> WHAT TO DO
The output is the lines below from the one with "Lemma regular_on_sumE (S" through the one with "move=> uS; rewrite", both included, printed exactly and with no other line.

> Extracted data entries
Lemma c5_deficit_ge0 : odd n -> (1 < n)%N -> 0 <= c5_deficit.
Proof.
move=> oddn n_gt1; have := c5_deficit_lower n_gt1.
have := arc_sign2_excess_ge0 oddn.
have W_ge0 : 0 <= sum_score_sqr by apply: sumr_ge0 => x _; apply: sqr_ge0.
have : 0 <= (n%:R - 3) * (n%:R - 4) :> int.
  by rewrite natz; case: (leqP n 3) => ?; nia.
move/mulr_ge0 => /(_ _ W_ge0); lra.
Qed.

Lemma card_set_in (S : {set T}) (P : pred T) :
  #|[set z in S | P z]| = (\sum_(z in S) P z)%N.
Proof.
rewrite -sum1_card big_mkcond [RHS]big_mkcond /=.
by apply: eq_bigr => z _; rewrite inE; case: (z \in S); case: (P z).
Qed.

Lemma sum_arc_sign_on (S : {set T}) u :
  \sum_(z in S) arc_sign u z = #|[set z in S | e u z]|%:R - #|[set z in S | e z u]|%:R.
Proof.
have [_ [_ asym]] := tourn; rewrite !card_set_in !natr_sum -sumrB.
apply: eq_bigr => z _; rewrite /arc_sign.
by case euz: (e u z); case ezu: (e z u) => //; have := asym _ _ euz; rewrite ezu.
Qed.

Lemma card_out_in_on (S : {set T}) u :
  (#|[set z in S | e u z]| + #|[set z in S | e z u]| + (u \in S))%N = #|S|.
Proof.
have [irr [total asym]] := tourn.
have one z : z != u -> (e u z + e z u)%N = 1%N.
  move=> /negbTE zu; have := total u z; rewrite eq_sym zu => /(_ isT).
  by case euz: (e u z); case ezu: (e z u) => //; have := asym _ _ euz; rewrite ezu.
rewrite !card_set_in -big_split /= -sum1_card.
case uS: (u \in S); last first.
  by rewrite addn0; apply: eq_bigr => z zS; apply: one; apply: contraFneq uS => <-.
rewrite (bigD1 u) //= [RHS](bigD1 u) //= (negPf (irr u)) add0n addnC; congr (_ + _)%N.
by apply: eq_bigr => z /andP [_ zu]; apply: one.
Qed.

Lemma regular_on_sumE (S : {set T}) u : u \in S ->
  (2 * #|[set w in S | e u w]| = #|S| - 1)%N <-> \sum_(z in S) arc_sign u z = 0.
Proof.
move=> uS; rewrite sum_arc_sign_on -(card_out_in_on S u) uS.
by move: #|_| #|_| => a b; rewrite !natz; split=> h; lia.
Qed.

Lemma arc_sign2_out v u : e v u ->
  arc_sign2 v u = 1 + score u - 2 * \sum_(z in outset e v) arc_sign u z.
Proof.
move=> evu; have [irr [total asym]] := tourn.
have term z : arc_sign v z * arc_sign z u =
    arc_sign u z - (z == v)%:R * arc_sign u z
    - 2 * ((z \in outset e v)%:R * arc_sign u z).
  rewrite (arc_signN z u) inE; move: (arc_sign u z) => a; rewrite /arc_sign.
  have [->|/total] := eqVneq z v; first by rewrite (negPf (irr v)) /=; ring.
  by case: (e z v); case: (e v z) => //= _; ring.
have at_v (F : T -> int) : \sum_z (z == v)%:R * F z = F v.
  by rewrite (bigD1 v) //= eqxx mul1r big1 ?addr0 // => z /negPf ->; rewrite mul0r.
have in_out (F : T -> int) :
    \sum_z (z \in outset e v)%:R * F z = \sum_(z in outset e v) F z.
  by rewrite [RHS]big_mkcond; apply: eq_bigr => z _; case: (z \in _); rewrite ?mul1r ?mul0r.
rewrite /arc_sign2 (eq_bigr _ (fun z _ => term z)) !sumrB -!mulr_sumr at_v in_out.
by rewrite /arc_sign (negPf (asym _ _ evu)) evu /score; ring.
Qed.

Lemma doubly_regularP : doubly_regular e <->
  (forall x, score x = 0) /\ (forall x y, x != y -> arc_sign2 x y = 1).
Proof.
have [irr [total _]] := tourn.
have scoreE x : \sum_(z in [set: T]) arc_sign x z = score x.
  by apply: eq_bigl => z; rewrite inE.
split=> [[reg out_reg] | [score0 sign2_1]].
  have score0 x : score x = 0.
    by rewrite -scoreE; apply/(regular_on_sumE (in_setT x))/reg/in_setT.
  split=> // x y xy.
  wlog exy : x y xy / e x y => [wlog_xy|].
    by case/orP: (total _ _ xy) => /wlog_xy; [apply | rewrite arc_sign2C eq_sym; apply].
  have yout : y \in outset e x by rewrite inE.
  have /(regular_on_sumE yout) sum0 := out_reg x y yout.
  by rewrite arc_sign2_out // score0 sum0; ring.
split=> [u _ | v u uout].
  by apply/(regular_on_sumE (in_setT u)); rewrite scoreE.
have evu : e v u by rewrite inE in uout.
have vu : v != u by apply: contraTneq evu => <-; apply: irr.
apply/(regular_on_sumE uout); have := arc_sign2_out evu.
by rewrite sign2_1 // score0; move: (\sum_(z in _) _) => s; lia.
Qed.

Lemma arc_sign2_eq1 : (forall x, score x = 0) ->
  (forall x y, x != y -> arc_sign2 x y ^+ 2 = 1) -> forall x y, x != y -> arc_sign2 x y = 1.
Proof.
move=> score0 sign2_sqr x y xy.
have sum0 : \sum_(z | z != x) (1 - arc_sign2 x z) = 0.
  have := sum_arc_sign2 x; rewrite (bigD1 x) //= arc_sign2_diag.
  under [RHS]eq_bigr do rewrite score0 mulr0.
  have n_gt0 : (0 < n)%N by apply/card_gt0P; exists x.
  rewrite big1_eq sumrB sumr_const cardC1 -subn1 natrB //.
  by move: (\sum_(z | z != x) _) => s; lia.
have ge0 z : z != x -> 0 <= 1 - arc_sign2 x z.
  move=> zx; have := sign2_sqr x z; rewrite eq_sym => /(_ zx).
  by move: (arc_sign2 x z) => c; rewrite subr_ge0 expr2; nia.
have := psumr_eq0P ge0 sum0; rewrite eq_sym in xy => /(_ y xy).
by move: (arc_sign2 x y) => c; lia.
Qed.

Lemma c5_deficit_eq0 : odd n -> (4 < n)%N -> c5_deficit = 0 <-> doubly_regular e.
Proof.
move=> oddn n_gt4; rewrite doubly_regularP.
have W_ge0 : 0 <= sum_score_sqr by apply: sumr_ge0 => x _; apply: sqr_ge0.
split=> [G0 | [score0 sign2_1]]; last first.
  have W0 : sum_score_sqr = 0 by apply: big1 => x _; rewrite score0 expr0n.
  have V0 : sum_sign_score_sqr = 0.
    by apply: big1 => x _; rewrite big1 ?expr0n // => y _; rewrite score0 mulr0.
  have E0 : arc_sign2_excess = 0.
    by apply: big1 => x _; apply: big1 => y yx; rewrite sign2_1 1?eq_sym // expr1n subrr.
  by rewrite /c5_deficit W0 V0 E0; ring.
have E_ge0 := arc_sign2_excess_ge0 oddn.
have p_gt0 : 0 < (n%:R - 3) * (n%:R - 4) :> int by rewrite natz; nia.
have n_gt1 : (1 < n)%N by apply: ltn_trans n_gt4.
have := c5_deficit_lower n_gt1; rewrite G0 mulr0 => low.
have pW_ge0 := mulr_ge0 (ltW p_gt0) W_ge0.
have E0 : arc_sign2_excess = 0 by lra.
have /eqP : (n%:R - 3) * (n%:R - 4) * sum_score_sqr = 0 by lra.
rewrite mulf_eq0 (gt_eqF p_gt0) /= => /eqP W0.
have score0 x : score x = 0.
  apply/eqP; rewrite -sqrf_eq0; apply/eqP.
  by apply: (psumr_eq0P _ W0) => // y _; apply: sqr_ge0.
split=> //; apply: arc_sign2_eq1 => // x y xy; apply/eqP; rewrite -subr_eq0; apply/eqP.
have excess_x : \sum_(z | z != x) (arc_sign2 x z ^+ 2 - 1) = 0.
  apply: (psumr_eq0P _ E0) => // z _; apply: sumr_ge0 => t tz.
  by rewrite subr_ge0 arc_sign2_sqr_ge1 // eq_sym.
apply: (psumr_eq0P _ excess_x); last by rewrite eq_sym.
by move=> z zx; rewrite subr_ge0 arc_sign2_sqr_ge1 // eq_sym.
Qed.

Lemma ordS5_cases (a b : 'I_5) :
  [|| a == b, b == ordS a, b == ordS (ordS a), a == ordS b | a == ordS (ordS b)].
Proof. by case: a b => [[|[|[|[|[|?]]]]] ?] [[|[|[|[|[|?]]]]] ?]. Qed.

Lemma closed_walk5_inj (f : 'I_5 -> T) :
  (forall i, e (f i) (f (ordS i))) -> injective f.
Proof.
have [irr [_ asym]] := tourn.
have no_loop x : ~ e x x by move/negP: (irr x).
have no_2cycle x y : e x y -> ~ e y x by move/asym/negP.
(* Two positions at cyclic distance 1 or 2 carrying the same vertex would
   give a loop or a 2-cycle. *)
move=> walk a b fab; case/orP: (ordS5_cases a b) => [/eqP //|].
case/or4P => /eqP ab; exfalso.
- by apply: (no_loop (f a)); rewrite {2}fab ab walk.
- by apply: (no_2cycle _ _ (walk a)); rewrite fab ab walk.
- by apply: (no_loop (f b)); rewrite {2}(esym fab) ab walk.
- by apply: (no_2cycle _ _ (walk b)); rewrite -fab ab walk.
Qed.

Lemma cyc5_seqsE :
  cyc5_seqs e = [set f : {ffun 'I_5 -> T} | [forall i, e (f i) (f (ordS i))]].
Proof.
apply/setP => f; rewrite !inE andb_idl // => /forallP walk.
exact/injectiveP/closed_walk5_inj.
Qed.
---
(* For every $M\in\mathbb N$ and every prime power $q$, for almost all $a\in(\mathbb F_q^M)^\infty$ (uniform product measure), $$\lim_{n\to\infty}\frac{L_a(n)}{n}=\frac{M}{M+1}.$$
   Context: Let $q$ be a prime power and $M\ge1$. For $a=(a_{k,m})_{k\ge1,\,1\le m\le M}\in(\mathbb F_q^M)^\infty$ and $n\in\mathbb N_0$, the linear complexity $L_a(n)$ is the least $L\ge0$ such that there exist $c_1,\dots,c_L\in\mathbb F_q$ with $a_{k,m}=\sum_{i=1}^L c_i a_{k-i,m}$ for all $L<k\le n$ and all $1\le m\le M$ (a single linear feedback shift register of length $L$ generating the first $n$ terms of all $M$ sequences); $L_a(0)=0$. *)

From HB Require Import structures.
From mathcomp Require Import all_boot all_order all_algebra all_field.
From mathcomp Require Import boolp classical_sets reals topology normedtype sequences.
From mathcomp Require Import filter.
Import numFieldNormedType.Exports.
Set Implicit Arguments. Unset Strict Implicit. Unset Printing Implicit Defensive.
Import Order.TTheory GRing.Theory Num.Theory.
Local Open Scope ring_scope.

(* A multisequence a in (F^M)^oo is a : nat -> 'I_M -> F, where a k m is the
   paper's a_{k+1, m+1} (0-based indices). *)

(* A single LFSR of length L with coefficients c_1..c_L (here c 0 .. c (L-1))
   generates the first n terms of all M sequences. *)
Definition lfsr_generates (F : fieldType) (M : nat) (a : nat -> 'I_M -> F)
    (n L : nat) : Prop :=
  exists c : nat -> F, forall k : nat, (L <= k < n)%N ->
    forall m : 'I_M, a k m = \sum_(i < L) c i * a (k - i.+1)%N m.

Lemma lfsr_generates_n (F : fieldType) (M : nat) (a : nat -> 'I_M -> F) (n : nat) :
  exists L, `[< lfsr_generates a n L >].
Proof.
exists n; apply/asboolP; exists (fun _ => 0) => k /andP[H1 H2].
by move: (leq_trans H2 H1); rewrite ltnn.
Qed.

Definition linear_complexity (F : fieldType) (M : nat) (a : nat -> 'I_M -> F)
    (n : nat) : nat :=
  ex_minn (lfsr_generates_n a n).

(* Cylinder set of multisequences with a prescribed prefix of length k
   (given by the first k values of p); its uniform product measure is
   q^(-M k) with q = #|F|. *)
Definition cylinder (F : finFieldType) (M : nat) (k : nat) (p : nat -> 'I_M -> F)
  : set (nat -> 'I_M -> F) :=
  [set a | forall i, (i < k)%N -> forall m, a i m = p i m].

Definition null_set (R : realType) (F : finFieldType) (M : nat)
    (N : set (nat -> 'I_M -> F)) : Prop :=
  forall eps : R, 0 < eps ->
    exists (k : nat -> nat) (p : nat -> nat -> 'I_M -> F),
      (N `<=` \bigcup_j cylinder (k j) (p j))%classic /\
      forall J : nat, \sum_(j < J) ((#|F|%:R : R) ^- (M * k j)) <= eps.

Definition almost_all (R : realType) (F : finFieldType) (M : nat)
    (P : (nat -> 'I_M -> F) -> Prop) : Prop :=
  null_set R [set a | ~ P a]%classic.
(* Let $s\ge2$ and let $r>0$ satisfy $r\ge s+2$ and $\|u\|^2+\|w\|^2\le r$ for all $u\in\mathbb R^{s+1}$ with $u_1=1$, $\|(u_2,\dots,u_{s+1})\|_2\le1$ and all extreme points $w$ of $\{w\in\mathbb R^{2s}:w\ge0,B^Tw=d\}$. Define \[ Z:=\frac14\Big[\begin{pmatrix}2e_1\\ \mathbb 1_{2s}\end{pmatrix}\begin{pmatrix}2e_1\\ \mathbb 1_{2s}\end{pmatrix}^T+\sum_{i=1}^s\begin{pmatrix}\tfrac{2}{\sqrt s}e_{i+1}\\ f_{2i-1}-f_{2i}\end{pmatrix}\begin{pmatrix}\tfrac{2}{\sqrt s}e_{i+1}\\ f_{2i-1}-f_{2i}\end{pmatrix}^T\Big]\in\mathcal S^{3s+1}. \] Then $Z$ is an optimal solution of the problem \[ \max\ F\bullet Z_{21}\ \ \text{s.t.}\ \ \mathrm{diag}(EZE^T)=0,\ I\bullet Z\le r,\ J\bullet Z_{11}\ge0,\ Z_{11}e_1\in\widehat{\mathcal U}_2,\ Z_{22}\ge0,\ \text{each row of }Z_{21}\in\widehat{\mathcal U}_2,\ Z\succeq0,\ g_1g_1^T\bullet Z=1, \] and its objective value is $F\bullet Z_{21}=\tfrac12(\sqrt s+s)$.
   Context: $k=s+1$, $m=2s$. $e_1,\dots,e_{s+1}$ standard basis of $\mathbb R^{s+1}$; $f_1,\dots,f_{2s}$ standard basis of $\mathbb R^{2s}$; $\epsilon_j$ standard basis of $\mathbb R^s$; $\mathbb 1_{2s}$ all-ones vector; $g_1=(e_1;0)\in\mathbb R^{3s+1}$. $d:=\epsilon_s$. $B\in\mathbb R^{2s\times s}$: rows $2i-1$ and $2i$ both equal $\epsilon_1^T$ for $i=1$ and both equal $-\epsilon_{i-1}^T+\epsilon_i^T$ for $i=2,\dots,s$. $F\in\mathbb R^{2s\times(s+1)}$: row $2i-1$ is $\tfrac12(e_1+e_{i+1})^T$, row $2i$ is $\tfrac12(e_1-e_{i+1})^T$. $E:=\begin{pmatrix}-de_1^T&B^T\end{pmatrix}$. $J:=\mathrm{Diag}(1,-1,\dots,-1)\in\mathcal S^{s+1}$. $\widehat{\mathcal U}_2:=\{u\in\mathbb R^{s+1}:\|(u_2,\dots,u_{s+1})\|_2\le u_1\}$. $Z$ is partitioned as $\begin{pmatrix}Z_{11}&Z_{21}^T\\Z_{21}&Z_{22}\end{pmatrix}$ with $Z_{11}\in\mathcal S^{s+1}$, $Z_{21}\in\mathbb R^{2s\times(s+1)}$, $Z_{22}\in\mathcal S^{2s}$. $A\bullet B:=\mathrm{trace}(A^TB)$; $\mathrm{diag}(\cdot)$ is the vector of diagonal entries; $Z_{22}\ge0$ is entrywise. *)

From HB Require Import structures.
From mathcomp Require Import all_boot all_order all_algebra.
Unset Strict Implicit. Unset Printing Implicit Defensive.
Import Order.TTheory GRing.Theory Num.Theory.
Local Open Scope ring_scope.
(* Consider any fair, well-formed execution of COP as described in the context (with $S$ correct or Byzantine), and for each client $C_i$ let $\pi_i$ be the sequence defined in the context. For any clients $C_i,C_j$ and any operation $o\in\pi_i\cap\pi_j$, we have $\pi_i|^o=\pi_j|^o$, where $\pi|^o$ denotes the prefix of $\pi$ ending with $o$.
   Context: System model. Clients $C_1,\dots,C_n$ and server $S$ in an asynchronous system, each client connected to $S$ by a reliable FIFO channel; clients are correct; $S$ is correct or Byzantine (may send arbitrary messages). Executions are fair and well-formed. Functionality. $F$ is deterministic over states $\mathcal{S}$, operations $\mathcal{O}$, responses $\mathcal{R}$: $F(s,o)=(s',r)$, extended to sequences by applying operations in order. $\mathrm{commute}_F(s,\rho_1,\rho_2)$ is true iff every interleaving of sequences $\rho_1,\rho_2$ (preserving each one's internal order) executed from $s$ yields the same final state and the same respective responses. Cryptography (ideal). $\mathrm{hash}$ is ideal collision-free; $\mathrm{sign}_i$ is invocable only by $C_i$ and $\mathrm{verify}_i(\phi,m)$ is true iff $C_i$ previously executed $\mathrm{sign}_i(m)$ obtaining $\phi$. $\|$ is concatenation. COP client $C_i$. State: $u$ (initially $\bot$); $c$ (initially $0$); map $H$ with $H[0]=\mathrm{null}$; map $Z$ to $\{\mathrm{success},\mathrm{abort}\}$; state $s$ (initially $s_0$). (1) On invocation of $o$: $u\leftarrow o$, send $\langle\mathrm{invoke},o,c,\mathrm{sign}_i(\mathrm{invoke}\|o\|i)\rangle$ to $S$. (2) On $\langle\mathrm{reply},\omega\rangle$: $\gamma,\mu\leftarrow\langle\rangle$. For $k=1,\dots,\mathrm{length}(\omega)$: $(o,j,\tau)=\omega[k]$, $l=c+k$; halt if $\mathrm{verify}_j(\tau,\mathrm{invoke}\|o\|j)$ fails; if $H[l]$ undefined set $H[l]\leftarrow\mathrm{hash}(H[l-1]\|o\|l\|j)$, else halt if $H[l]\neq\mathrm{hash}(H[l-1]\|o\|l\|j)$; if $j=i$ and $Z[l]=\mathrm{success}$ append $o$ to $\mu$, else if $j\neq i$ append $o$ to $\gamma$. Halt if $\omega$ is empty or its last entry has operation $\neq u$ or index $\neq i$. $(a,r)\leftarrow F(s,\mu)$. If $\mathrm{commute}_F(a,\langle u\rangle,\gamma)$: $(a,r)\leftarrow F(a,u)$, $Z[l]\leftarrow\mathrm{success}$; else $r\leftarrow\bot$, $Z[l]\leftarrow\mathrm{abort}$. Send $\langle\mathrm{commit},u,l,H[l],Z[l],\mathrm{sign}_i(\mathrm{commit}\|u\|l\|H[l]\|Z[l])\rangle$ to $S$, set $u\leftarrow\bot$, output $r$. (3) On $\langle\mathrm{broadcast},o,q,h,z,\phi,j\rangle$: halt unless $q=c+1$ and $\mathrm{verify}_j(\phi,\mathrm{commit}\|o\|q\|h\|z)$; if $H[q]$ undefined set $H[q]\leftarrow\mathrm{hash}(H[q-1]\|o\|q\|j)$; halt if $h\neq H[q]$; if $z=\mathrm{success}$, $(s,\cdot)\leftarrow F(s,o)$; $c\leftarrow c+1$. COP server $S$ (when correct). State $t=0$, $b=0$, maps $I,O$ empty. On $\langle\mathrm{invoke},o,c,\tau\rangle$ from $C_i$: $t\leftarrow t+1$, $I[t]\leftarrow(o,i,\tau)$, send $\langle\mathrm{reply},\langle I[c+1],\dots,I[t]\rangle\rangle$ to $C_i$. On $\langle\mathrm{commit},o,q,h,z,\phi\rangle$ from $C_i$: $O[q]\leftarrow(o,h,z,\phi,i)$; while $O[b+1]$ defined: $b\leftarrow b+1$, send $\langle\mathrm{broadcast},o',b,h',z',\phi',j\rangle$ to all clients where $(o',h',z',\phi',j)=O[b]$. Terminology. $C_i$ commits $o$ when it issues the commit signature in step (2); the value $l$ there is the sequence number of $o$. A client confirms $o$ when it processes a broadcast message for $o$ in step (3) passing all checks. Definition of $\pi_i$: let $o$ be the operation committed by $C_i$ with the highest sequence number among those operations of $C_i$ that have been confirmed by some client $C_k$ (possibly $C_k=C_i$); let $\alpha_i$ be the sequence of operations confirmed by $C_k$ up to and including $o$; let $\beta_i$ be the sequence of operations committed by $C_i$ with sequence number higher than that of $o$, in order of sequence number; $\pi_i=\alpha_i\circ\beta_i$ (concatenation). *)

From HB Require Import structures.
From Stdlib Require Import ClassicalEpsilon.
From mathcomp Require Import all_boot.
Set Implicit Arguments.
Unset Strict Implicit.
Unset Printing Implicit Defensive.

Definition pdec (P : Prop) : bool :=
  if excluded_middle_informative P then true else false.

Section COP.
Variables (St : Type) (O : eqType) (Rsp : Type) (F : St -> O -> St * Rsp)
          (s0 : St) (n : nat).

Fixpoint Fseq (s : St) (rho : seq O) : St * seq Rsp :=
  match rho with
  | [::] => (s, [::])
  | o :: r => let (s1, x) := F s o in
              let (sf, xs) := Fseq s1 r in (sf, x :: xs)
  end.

> ANSWER SECTION
Lemma regular_on_sumE (S : {set T}) u : u \in S ->
  (2 * #|[set w in S | e u w]| = #|S| - 1)%N <-> \sum_(z in S) arc_sign u z = 0.
Proof.
move=> uS; rewrite sum_arc_sign_on -(card_out_in_on S u) uS.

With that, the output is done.